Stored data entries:
════

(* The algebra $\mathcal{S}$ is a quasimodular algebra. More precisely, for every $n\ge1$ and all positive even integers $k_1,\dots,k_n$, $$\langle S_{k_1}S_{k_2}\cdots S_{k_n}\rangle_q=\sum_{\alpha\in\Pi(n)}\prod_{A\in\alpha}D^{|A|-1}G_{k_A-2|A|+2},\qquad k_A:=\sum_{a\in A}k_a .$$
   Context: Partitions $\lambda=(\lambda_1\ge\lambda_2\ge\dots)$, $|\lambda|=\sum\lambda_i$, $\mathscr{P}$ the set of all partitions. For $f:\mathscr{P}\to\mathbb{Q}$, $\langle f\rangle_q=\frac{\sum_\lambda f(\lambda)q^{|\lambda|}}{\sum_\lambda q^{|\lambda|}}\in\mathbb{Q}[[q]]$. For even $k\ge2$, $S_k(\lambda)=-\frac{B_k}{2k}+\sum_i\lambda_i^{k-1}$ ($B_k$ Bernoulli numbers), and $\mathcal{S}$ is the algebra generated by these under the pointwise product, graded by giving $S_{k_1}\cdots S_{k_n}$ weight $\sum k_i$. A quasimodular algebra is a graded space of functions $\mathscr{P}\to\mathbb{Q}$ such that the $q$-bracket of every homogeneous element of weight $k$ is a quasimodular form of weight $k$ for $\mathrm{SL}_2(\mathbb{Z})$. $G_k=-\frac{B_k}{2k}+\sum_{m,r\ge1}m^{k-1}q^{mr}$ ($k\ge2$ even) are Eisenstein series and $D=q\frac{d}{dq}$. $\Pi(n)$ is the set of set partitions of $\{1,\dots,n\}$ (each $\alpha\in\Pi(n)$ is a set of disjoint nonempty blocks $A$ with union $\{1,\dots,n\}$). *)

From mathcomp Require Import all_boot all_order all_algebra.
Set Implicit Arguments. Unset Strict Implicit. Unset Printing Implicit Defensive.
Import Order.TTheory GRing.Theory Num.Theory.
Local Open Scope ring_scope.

════

WHAT YOU HAVE TO DO: Find how many lines of the preceding data contain "Import", and answer with that number only.

SOLUTION FOR THIS TASK: 2